▸ **What is expected**: Where a line holds the word "extensionality", copy that line from the data below.

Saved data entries
..........

(* Let $r$ be an odd integer. Let $n>1$ be an odd integer with $n\equiv -r\pmod{4}$ and $n\geqslant \max\{r,4-r\}$. Then \[ \sum_{k=0}^{n-1}[8k+r]\frac{(q^r;q^4)_k^4}{(q^4;q^4)_k^4}q^{(4-2r)k} \equiv 0\pmod{\Phi_n(q)^2}. \]
   Context: $q$ is an indeterminate. The $q$-shifted factorial is $(a;q)_k=(1-a)(1-aq)\cdots(1-aq^{k-1})$ (with $(a;q)_0=1$), for any Laurent monomial $a$ in $q$. For any integer $m$ (including negative $m$), $[m]=(1-q^m)/(1-q)$. $\Phi_n(q)$ denotes the $n$-th cyclotomic polynomial. A congruence of rational functions modulo a polynomial $P(q)$, where the denominators are coprime to $P(q)$, means that $P(q)$ divides the numerator of the difference in lowest terms. *)

From HB Require Import structures.
From mathcomp Require Import all_boot all_order all_algebra all_field.
Set Implicit Arguments. Unset Strict Implicit. Unset Printing Implicit Defensive.
Import Order.TTheory GRing.Theory Num.Theory.
Local Open Scope ring_scope.

Definition Qq : Type := {fraction {poly rat}}.

Definition qq : Qq := tofrac ('X : {poly rat}).

Definition qint (m : int) : Qq := (1 - qq ^ m) / (1 - qq).

Definition qpoch (a b : Qq) (k : nat) : Qq := \prod_(i < k) (1 - a * b ^+ i).

Definition PhiQ (n : nat) : {poly rat} := map_poly intr 'Phi_n.

(* f = g (mod P) for rational functions: f - g = P * A / B with B a nonzero
   polynomial coprime to P, i.e. P divides the numerator of f - g in lowest
   terms. *)
Definition congr_ratfun (f g : Qq) (P : {poly rat}) : Prop :=
  exists A B : {poly rat},
    [/\ B != 0, coprimep B P & f - g = tofrac (P * A) / tofrac B].
Lemma measurable_skew_product : measurable_fun setT S.
Proof.
have [mtau _] := tau_mp; apply: measurable_fun_pair.
  exact: measurableT_comp mtau measurable_fst.
move=> _ D mD; rewrite setTI.
have -> : (fun x => theta (kappa x.1) x.2) @^-1` D =
    \bigcup_k (kappa @^-1` [set k] `*` theta k @^-1` D).
  by apply/seteqP; split=> [[t w] /= Dw|[t w] [k _ [/= <- //]]]; exists (kappa t).
apply: countable_bigcupT_measurable => // k; apply: measurableX => //.
by have [/(_ k) [mth _] _] := theta_mp; rewrite -[_ @^-1` _]setTI; exact: mth.
Qed.

Lemma skew_product_mp : measure_preserving Pbar S.
Proof.
split=> [|B mB]; first exact: measurable_skew_product.
have mSB : measurable (S @^-1` B).
  by rewrite -[_ @^-1` _]setTI; exact: measurable_skew_product.
rewrite -(fine_probK _ mSB) -(fine_probK _ mB) !product_probability_Rintegral //.
congr (_%:E).
rewrite -(Rintegral_measure_preserving tau_mp (measurable_fine_section P mB));
  last by move=> t; exact: fine_prob_ge0.
by apply: eq_Rintegral => t _; exact: (fine_prob_xsection_preimage_iter_skew 1 t mB).
Qed.

Lemma measurable_preimage_iter_skew n B : measurable B -> measurable (iter n S @^-1` B).
Proof.
have [miter _] := measure_preserving_iter n skew_product_mp.
by move=> mB; rewrite -[_ @^-1` _]setTI; exact: miter.
Qed.

Definition skew_joint n (A B : set (M * Omega)) := fine (Pbar (A `&` iter n S @^-1` B)).

Lemma measurable_skew_joint n A B : measurable A -> measurable B ->
  measurable (A `&` iter n S @^-1` B).
Proof. by move=> mA mB; apply: measurableI => //; exact: measurable_preimage_iter_skew. Qed.

Lemma skew_joint_le_l n A B : measurable A -> measurable B ->
  skew_joint n A B <= fine (Pbar A).
Proof.
by move=> mA mB; apply: le_fine_prob (measurable_skew_joint n mA mB) mA _; exact: subIsetl.
Qed.

Lemma skew_joint_le_r n A B : measurable A -> measurable B ->
  skew_joint n A B <= fine (Pbar B).
Proof.
have [_ Sn_mp] := measure_preserving_iter n skew_product_mp.
move=> mA mB; rewrite -Sn_mp //.
apply: le_fine_prob (measurable_skew_joint n mA mB) (measurable_preimage_iter_skew n mB) _.
exact: subIsetr.
Qed.

Lemma skew_joint_setDl n A A' B : measurable A -> measurable A' -> measurable B ->
  A' `<=` A ->  skew_joint n (A `\` A') B = skew_joint n A B - skew_joint n A' B.
Proof.
move=> mA mA' mB A'A.
have sub : A' `&` iter n S @^-1` B `<=` A `&` iter n S @^-1` B.
  by move=> x [A'x Bx]; split=> //; exact: A'A.
have mJ := measurable_skew_joint n mA mB; have mJ' := measurable_skew_joint n mA' mB.
rewrite /skew_joint -(fine_probD _ mJ mJ' sub).
congr (fine (Pbar _)); apply/seteqP; split=> x /=.
  by move=> [[? ?] ?]; split=> // -[].
by move=> [[Ax Bx] nA'B]; split=> //; split=> // A'x; exact: nA'B.
Qed.

Lemma skew_joint_setDr n A B B' : measurable A -> measurable B -> measurable B' ->
  B' `<=` B ->  skew_joint n A (B `\` B') = skew_joint n A B - skew_joint n A B'.
Proof.
move=> mA mB mB' B'B.
have sub : A `&` iter n S @^-1` B' `<=` A `&` iter n S @^-1` B.
  by move=> x [Ax B'x]; split=> //; exact: B'B.
have mJ := measurable_skew_joint n mA mB; have mJ' := measurable_skew_joint n mA mB'.
rewrite /skew_joint -(fine_probD _ mJ mJ' sub).
congr (fine (Pbar _)); apply/seteqP; split=> x /=.
  by move=> [? [? ?]]; split=> // -[].
by move=> [[Ax Bx] nAB']; split=> //; split=> // B'x; exact: nAB'.
Qed.

Lemma xsection_skew_joint n A B t : xsection (A `&` iter n S @^-1` B) t =
  xsection A t `&` theta (kn n t) @^-1` xsection B (iter n tau t).
Proof. by rewrite xsectionI xsection_preimage_iter_skew. Qed.

Lemma xsectionX_indic (phi : set Omega -> R) (C : set M) (D : set Omega) s :
  phi set0 = 0 -> phi (xsection (C `*` D) s) = \1_C s * phi D.
Proof.
move=> phi0; rewrite indicE; case: (boolP (s \in C)) => Cs.
  by rewrite in_xsectionX // mul1r.
by rewrite notin_xsectionX // mul0r.
Qed.

Lemma measurable_fine_section_iter n B : measurable B ->
  measurable_fun setT (fun t => fine (P (xsection B (iter n tau t)))).
Proof.
move=> mB; have [miter _] := measure_preserving_iter n tau_mp.
exact: measurableT_comp (measurable_fine_section P mB) miter.
Qed.

Lemma measurable_fine_theta_section n A D : measurable A -> measurable D ->
  measurable_fun setT (fun t => fine (P (xsection A t `&` theta (kn n t) @^-1` D))).
Proof.
move=> mA mD; have mAD := measurable_skew_joint n mA (measurableX measurableT mD).
apply: eq_measurable_fun (measurable_fine_section P mAD) => t _.
by rewrite xsection_skew_joint in_xsectionX ?in_setT.
Qed.

Definition fiber_corr n A B :=
  \int[mu]_t (fine (P (xsection A t)) * fine (P (xsection B (iter n tau t)))).

Lemma integrable_fiber_corr n A B : measurable A -> measurable B ->
  mu.-integrable setT
    (EFin \o (fun t => fine (P (xsection A t)) * fine (P (xsection B (iter n tau t))))).
Proof.
move=> mA mB; apply: (integrable_bounded mu (c := 1)).
  exact: measurable_funM (measurable_fine_section P mA) (measurable_fine_section_iter n mB).
move=> t; rewrite normrM -[1]mulr1 ler_pM ?fine_prob_norm_le1 //.
all: exact: measurable_xsection.
Qed.

Lemma fiber_corr_setDr n A B B' : measurable A -> measurable B -> measurable B' ->
  B' `<=` B -> fiber_corr n A (B `\` B') = fiber_corr n A B - fiber_corr n A B'.
Proof.
move=> mA mB mB' B'B; rewrite /fiber_corr -RintegralB ?integrable_fiber_corr //.
apply: eq_Rintegral => t _; rewrite xsectionD fine_probD ?mulrBr //.
  1,2: exact: measurable_xsection.
by move=> y; rewrite /xsection /= !inE; exact: B'B.
Qed.

Lemma fiber_corr_ge0 n A B : 0 <= fiber_corr n A B.
Proof. by apply: Rintegral_ge0 => t _; rewrite mulr_ge0 ?fine_prob_ge0. Qed.

Lemma fiber_corr_le_r n A B : measurable A -> measurable B ->
  fiber_corr n A B <= fine (Pbar B).
Proof.
move=> mA mB; rewrite product_probability_Rintegral //.
rewrite -(Rintegral_measure_preserving (measure_preserving_iter n tau_mp)
  (measurable_fine_section P mB)); last by move=> t; exact: fine_prob_ge0.
apply: le_Rintegral => //; first exact: integrable_fiber_corr.
  apply: (integrable_bounded mu (c := 1)); first exact: measurable_fine_section_iter.
  by move=> t; rewrite fine_prob_norm_le1 //; apply: measurable_xsection.
move=> t _; rewrite ler_piMl ?fine_prob_ge0 ?fine_prob_le1 //.
exact: measurable_xsection.
Qed.

Local Notation skew_defect := (mixing_defect Pbar (fun n => iter n S)).
Local Notation theta_defect t := (mixing_defect P (fun k => theta (kn k t))).

Lemma skew_defect_setDl n A A' B : measurable A -> measurable A' -> measurable B ->
  A' `<=` A -> skew_defect (A `\` A') B n = skew_defect A B n - skew_defect A' B n.
Proof.
move=> mA mA' mB A'A; have := skew_joint_setDl n mA mA' mB A'A.
by rewrite /mixing_defect /skew_joint => ->; rewrite fine_probD //; ring.
Qed.

Lemma skew_defect_setDr n A B B' : measurable A -> measurable B -> measurable B' ->
  B' `<=` B -> skew_defect A (B `\` B') n = skew_defect A B n - skew_defect A B' n.
Proof.
move=> mA mB mB' B'B; have := skew_joint_setDr n mA mB mB' B'B.
by rewrite /mixing_defect /skew_joint => ->; rewrite fine_probD //; ring.
Qed.

Lemma skew_defect_le_l n A B : measurable A -> measurable B ->
  `|skew_defect A B n| <= fine (Pbar A).
Proof.
move=> mA mB; apply: ler_normB_bound; rewrite ?fine_prob_ge0 ?(skew_joint_le_l n) //=.
by rewrite mulr_ge0 ?fine_prob_ge0 ?ler_piMr ?fine_prob_ge0 ?fine_prob_le1.
Qed.

Lemma skew_defect_le_r n A B : measurable A -> measurable B ->
  `|skew_defect A B n| <= fine (Pbar B).
Proof.
move=> mA mB; apply: ler_normB_bound; rewrite ?fine_prob_ge0 ?(skew_joint_le_r n) //=.
by rewrite mulr_ge0 ?fine_prob_ge0 ?ler_piMl ?fine_prob_ge0 ?fine_prob_le1.
Qed.

Definition fiber_defect n A B := skew_joint n A B - fiber_corr n A B.

Lemma fiber_defect_setDr n A B B' : measurable A -> measurable B -> measurable B' ->
  B' `<=` B -> fiber_defect n A (B `\` B') = fiber_defect n A B - fiber_defect n A B'.
Proof.
by move=> mA mB mB' B'B; rewrite /fiber_defect skew_joint_setDr ?fiber_corr_setDr //; ring.
Qed.

Lemma fiber_defect_le_r n A B : measurable A -> measurable B ->
  `|fiber_defect n A B| <= fine (Pbar B).
Proof.
move=> mA mB; apply: ler_normB_bound.
  by rewrite /skew_joint fine_prob_ge0 skew_joint_le_r.
by rewrite fiber_corr_ge0 fiber_corr_le_r.
Qed.

Lemma theta_defect_le1 t F D n : measurable F -> measurable D ->
  `|theta_defect t F D n| <= 1.
Proof.
move=> mF mD; apply: ler_normB_bound; rewrite ?fine_prob_ge0 ?fine_prob_le1 //=.
  have [/(_ (kn n t)) [mth _] _] := theta_mp.
  by apply: measurableI => //; rewrite -[_ @^-1` _]setTI; exact: mth.
by rewrite mulr_ge0 ?fine_prob_ge0 // -[1]mulr1 ler_pM ?fine_prob_ge0 ?fine_prob_le1.
Qed.

Lemma fiber_defectX n A C D : measurable A -> measurable C -> measurable D ->
  fiber_defect n A (C `*` D) =
  \int[mu]_t (\1_C (iter n tau t) * theta_defect t (xsection A t) D n).
Proof.
move=> mA mC mD; have mCD := measurableX mC mD.
have mJ := measurable_skew_joint n mA mCD.
rewrite /fiber_defect /skew_joint product_probability_Rintegral //.
rewrite /fiber_corr -RintegralB //.
- apply: eq_Rintegral => t _; rewrite xsection_skew_joint /mixing_defect.
  rewrite (xsectionX_indic
    (phi := fun E => fine (P (xsection A t `&` theta (kn n t) @^-1` E)))).
    by rewrite (xsectionX_indic (phi := fun E => fine (P E))) ?measure0 //; ring.
  by rewrite preimage_set0 setI0 measure0.
- apply: (integrable_bounded mu (c := 1)); first exact: measurable_fine_section.
  by move=> t; apply: fine_prob_norm_le1; exact: measurable_xsection.
- exact: integrable_fiber_corr.
Qed.

Lemma measurable_theta_defect n A D : measurable A -> measurable D ->
  measurable_fun setT (fun t => theta_defect t (xsection A t) D n).
Proof.
move=> mA mD; apply: measurable_funB; first exact: measurable_fine_theta_section.
exact: measurable_funM (measurable_fine_section P mA) (measurable_cst _).
Qed.
Lemma piece_C1c (k : nat) : C1c (piece k).
Proof.
  set (K := fun _ u : R => bump (INR npieces * u)).
  assert (K_vanish : forall a u, 1/4 <= Rabs u -> K a u = 0).
  { intros a u Hu. apply bump_out. rewrite Rabs_mult, Rabs_pos_eq by apply pos_INR.
    generalize npieces_ge_8. nra. }
  assert (K_C1 := C1_in_affine (periodize K) 0 1 (- node k) 1
                    (periodize_C1 K K_vanish (bump_scaled_C1 (INR npieces)))).
  apply C1c_mult_periodic; [apply fn_C1c; assumption| |].
  - refine (C1_in_ext _ _ _ _ K_C1). intros t x. unfold periodize, K.
    do 3 f_equal. ring.
  - intros t x _. replace (x + 1 - node k) with (x - node k + 1) by ring.
    rewrite repT_plus1. reflexivity.
Qed.

Lemma profile_C1 (k : nat) : C1_in (fun _ => True) (profile k).
Proof.
  apply C1_in_scal; [apply open_true|].
  apply C1_in_mult; [apply open_true| |apply bump_scaled_C1].
  exact (C1_in_affine (fn phi f n) center delta (node k) delta (fn_C1 phi Hphi n f f_C1)).
Qed.

Lemma profile_vanishes (k : nat) : vanishes_off_ball (7/32) (profile k).
Proof.
  intros a u Hau. unfold profile.
  destruct (Rlt_or_le (Rabs u) (1/8)) as [Hu|Hu].
  - assert (Ha : 3/32 < Rabs a) by lra.
    rewrite (fn_out phi Hphi n); [ring|].
    generalize delta_pos. unfold center, delta. intros Hd.
    unfold Rabs in Ha. destruct (Rcase_abs a); [left|right]; nra.
  - rewrite bump_out; [ring|]. rewrite Rabs_mult, Rabs_pos_eq by lra. lra.
Qed.

Lemma sup_bounds_nonneg : 0 <= Sf /\ 0 <= St /\ 0 <= Sx.
Proof.
  assert (H1 : Omega0 1) by (unfold Omega0; lra).
  split; [|split]; eapply Rle_trans; try apply Rabs_pos;
    [apply (HSf 1 0 H1)|apply (HSt 1 0 H1)|apply (HSx 1 0 H1)].
Qed.

Lemma profile_B1 (k : nat) : Defs.B1 (periodize (profile k)).
Proof.
  assert (Hb := C1_bounds_scal c0 _ _ _ _ (Rlt_le _ _ c0_pos)
    (C1_bounds_mult _ _ _ _ _ _ _ _
       (C1_in_affine (fn phi f n) center delta (node k) delta (fn_C1 phi Hphi n f f_C1))
       (bump_scaled_C1 8)
       (C1_bounds_affine (fn phi f n) center delta (node k) delta _ _ _
          (fn_C1 phi Hphi n f f_C1) (fn_C1_bounds phi Hphi n f f_C1 L Sf St Sx HL HSf HSt HSx))
       (bump_scaled_C1_bounds 8))).
  apply (B1_periodize (profile k) (7/32) (profile_C1 k) (profile_vanishes k) ltac:(lra) _ _ _ Hb).
  rewrite (Rabs_pos_eq delta), (Rabs_pos_eq 8) by (generalize delta_pos; lra).
  assert (Hc0 : c0 * ((17 + L) * (Sf + St + Sx)) = 1)
    by (apply Rinv_l; generalize L_nonneg; nra).
  destruct sup_bounds_nonneg as [Sf0 [St0 Sx0]].
  assert (Hsum : Sf * 1 + (delta * (St + 2 ^ n * L * Sf) * 1 + Sf * 0)
                 + (delta * Sx * 1 + Sf * (2 * 8)) <= (17 + L) * (Sf + St + Sx)).
  { replace (delta * (St + 2 ^ n * L * Sf)) with (delta * St + (2 ^ n * delta) * L * Sf) by ring.
    rewrite pow2_delta. generalize delta_le_1 L_nonneg. nra. }
  apply (Rle_trans _ (c0 * ((17 + L) * (Sf + St + Sx)))); [|rewrite Hc0; apply Rle_refl].
  rewrite <- !Rmult_plus_distr_l. apply Rmult_le_compat_l; [apply Rlt_le, c0_pos|exact Hsum].
Qed.

Lemma Sdz_profile (k : nat) (t x : R) :
  Sdz delta center (node k) (periodize (profile k)) t x = / delta ^ 2 * (c0 * piece k t x).
Proof.
  assert (Hd := delta_pos).
  rewrite Sdz_periodize; [|exact Hd|intros a u Hau; apply (profile_vanishes k); lra].
  unfold profile, piece. set (r := repT (x - node k)).
  replace (center + delta * ((t - center) / delta)) with t by (field; lra).
  replace (node k + delta * (r / delta)) with (x + IZR (- Int_part (x - node k + 1/2)))
    by (unfold r, repT; rewrite opp_IZR; field; lra).
  rewrite (fn_periodic phi n f f_C1).
  replace (8 * (r / delta)) with (INR npieces * r) by (rewrite <- npieces_delta; field; lra).
  reflexivity.
Qed.

Lemma X_piece_bound (alpha M : R) (X : (R -> R -> R) -> R) (k : nat) :
  linear_on_C1c X -> Holder_norm alpha X (-1) 2 = Finite M -> (1 <= k <= npieces)%nat ->
  Rabs (X (piece k)) <= delta ^ 2 / c0 * (Rpower delta alpha * M).
Proof.
  intros HX HM Hk. assert (Hd := delta_pos). assert (Hc := c0_pos).
  assert (Epiece : piece k = fun t x =>
            delta ^ 2 / c0 * Sdz delta center (node k) (periodize (profile k)) t x).
  { extensionality t; extensionality x. rewrite Sdz_profile. field. split; lra. }
  assert (Hnode : -1/2 <= node k < 1/2).
  { unfold node.
    assert (Hk' : 1 <= INR k <= INR npieces) by (split; [apply (le_INR 1)|apply le_INR]; lia).
    generalize npieces_ge_8. intros HN.
    assert (0 < INR k / INR npieces <= 1); [|lra].
    split; [apply Rdiv_lt_0_compat|apply (Rdiv_le_1 (INR k) (INR npieces))]; lra. }
  rewrite Epiece, (linear_on_C1c_scal X HX).
  2:{ replace (Sdz delta center (node k) (periodize (profile k)))
        with (fun t x => / delta ^ 2 * (c0 * piece k t x))
        by (extensionality t; extensionality x; symmetry; apply Sdz_profile).
      apply C1c_scal, C1c_scal, piece_C1c. }
  rewrite Rabs_mult, (Rabs_pos_eq (delta ^ 2 / c0))
    by (apply Rlt_le, Rdiv_lt_0_compat; [apply pow_lt|]; lra).
  apply Rmult_le_compat_l; [apply Rlt_le, Rdiv_lt_0_compat; [apply pow_lt|]; lra|].
  apply (Holder_norm_bound alpha X (-1) 2); try assumption.
  - generalize delta_le_1. lra.
  - unfold center. generalize delta_le_1. lra.
  - apply profile_B1.
Qed.
(* In the setting of the context, consider a Case 1 spacetime ($x_-(v)\equiv0$). If there exists $\alpha$ with $0<\alpha<1$ such that $\lim_{v\to\infty}x_+(v)\exp\left[\frac{1-\alpha}{2}h_cX_+(v)\right]>0$ (including the case where the left-hand side diverges to $+\infty$), then the spacetime is of Type 2, i.e. there exist radially outgoing null geodesics strictly between the two AHs that never cross the outer AH, and the event horizon lies in the region $x>0$.
   Context: Spherically symmetric spacetime $ds^2=-f(v,r)A(v,r)^2dv^2+2A(v,r)\,dr\,dv+r^2d\Omega^2$ with $A>0$, $f,A\to1$ as $r\to\infty$, $f(v,0)=1$, $\partial_rf(v,0)=\partial_rA(v,0)=0$; $f(v,\cdot)$ has exactly two zeros $r_+(v)>r_-(v)$ (outer/inner apparent horizons, AHs), $f=F(r-r_+)(r-r_-)$ with $F>0$, and $h=AF>0$. Assumptions: $\partial_v r_+<0$; $r_\pm(v)\to r_c$ as $v\to\infty$; the sign of $\partial_v r_-$ is constant; the $v\to\infty$ limits of $A,F,h$ behave as analytic functions of $r$, so all $\partial_r^n h$ converge as $v\to\infty$; $h_c=\lim_{v\to\infty}h(v,r_c)$. With $x=r-r_c$, $x_\pm=r_\pm-r_c$, and $h$ regarded as a function of $(v,x)$, radially outgoing null geodesics solve $dx/dv=\tfrac12h(v,x)(x-x_+(v))(x-x_-(v))$. $X_+$ is a primitive of $x_+$. Case 1 means $\partial_v r_-=0$. Type 1 (Case 1) means every outgoing null geodesic strictly between the two AHs crosses the outer AH (the inner AH is the event horizon); Type 2 means there is an event horizon strictly outside the inner AH. *)

From Stdlib Require Import Reals.
From Coquelicot Require Import Coquelicot.
Open Scope R_scope.
Lemma exists_subset_card (T : finType) (A : {set T}) n :
  n <= #|A| -> exists2 B : {set T}, B \subset A & #|B| = n.
Proof.
case/card_geqP => s [uniq_s <- sA]; exists [set x in s]; last by rewrite cardsE; apply/card_uniqP.
by apply/subsetP => x; rewrite inE => /sA.
Qed.

Unset Implicit Arguments.
Set Strict Implicit.

Theorem lemma7 (T : finType) (E : {set {set T}}) (l : nat)
  (HE : forall e, e \in E -> #|e| = 2) :
  edge_induced_forest E l ->
  contraction_vc (Gp_V E) (Gp_E E) (4 * l) (3 * l).
Proof.
case=> F [sFE leF forestF].
have [F1 sF1F <-] := exists_subset_card leF.
have sF1E : F1 \subset E := subset_trans sF1F sFE.
have acF1 : acyclic F1 := acyclic_sub sF1F (forest_acyclic sFE forestF).
exists (contracted_edges F1); split.
- exact: contracted_edges_sub.
- exact: card_contracted_edges HE sF1E.
- apply: leq_trans (vc_Gp_ge E); apply: leq_trans (card_cover_classes HE sF1E acF1).
  rewrite leq_add2r; apply: leq_trans (subset_leq_card (image_base_cover HE sF1E)).
  exact/vc_le_cover/contr_vcover/base_cover_vcover.
Qed.
(* representable functionals: (L.1), (L.2), (L.3) *)
Definition representable (w : A -> Cplx) : Prop :=
  (forall x, A0 A x -> Im (w (mul A (star A x) x)) = 0 /\
                        0 <= Re (w (mul A (star A x) x))) /\
  (forall x y (xi : A), A0 A x -> A0 A y ->
     w (mul A (star A y) (mul A (star A xi) x)) =
     Cconj (w (mul A (star A x) (mul A xi y)))) /\
  (forall xi : A, exists g, 0 < g /\ forall x, A0 A x ->
     Cabs (w (mul A (star A xi) x)) <= g * sqrt (Re (w (mul A (star A x) x)))).

Definition norm_continuous (w : A -> Cplx) : Prop :=
  exists M, forall u : A, Cabs (w u) <= M * hnorm u.

Definition Rc (w : A -> Cplx) : Prop := representable w /\ norm_continuous w.

Definition bounded_elt (xi : A) : Prop :=
  exists M, forall x, A0 A x -> hnorm (mul A xi x) <= M * hnorm x.

Definition w_positive (xi : A) : Prop :=
  forall x, A0 A x -> Im (inner A (mul A xi x) x) = 0 /\
                     0 <= Re (inner A (mul A xi x) x).
End Notions.

(* If w is continuous, the Riesz theorem gives w = <., eta>.  Since w(x x^* ) = <eta x, x>,
   (L.1) makes eta w-positive.  By (L.3) the vectors eta x^*, weighted by w(x^* x)^(1/2), are
   weakly bounded, so uniform boundedness gives |eta y|^2 <= C^2 w(y y^* ) = C^2 <y, eta y>
   <= C^2 |y| |eta y|: eta is bounded.
   Conversely, for eta w-positive the form <eta x, y> on A0 is hermitian, so eta and eta^*
   have the same products with A0 and eta = eta^* by (A); this makes (L.2) an identity.
   Cauchy-Schwarz for the positive form gives |eta y|^2 <= |L_eta| <eta y, y>, which is (L.3).
   Throughout, the Hilbert algebra identities pass from A0 to H by density, both sides being
   continuous. *)

From Stdlib Require Import Reals Lra Lia Psatz Classical ClassicalEpsilon.
Open Scope R_scope.

Lemma Cext (a b : Cplx) : Re a = Re b -> Im a = Im b -> a = b.
Proof. destruct a, b; simpl; intros; subst; reflexivity. Qed.

Ltac csimpl := unfold Cmul, Cadd, Copp, Cconj, C0, C1, RtoC in *; simpl in *.
Ltac cring := apply Cext; csimpl; ring.

Lemma Cabs_ge0 a : 0 <= Cabs a.
Proof. apply sqrt_pos. Qed.

Lemma Cabs_sqr a : Cabs a * Cabs a = Re a * Re a + Im a * Im a.
Proof. apply sqrt_sqrt. nra. Qed.

Lemma Cabs_le_sqr a x : 0 <= x -> Re a * Re a + Im a * Im a <= x * x -> Cabs a <= x.
Proof. intros Hx H. pose proof (Cabs_sqr a). pose proof (Cabs_ge0 a). nra. Qed.

Lemma Rabs_Re_le_Cabs a : Rabs (Re a) <= Cabs a.
Proof.
  pose proof (Cabs_sqr a). pose proof (Cabs_ge0 a).
  apply Rsqr_incr_0_var; [|assumption]. rewrite <- Rsqr_abs. unfold Rsqr. nra.
Qed.

Lemma Re_le_Cabs a : Re a <= Cabs a.
Proof. pose proof (Rabs_Re_le_Cabs a). pose proof (Rle_abs (Re a)). lra. Qed.

Lemma Cabs_add a b : Cabs (Cadd a b) <= Cabs a + Cabs b.
Proof.
  pose proof (Cabs_sqr a) as Sa. pose proof (Cabs_sqr b) as Sb.
  pose proof (Cabs_ge0 a). pose proof (Cabs_ge0 b).
  assert (Hdot : Re a * Re b + Im a * Im b <= Cabs a * Cabs b).
  { apply Rsqr_incr_0_var; [unfold Rsqr | nra].
    replace (Cabs a * Cabs b * (Cabs a * Cabs b)) with
      ((Cabs a * Cabs a) * (Cabs b * Cabs b)) by ring.
    rewrite Sa, Sb. pose proof (Rle_0_sqr (Re a * Im b - Im a * Re b)). unfold Rsqr in *. nra. }
  apply Cabs_le_sqr; [lra |]. csimpl. nra.
Qed.

Lemma Cabs_opp a : Cabs (Copp a) = Cabs a.
Proof. unfold Cabs. csimpl. f_equal. ring. Qed.

Lemma Cabs_eq0 a : Cabs a = 0 -> a = C0.
Proof. intro H. pose proof (Cabs_sqr a). rewrite H in *. apply Cext; csimpl; nra. Qed.

Lemma Cabs_real r : Cabs (mkC r 0) = Rabs r.
Proof. unfold Cabs. simpl. rewrite Rmult_0_l, Rplus_0_r. apply sqrt_Rsqr_abs. Qed.

Lemma nat_above x : exists n : nat, x < INR n + 1.
Proof. destruct (INR_archimed 1 x Rlt_0_1) as [n Hn]. exists n. lra. Qed.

..........

▸ **Result of the task**:
  { extensionality t; extensionality x. rewrite Sdz_profile. field. split; lra. }
        by (extensionality t; extensionality x; symmetry; apply Sdz_profile).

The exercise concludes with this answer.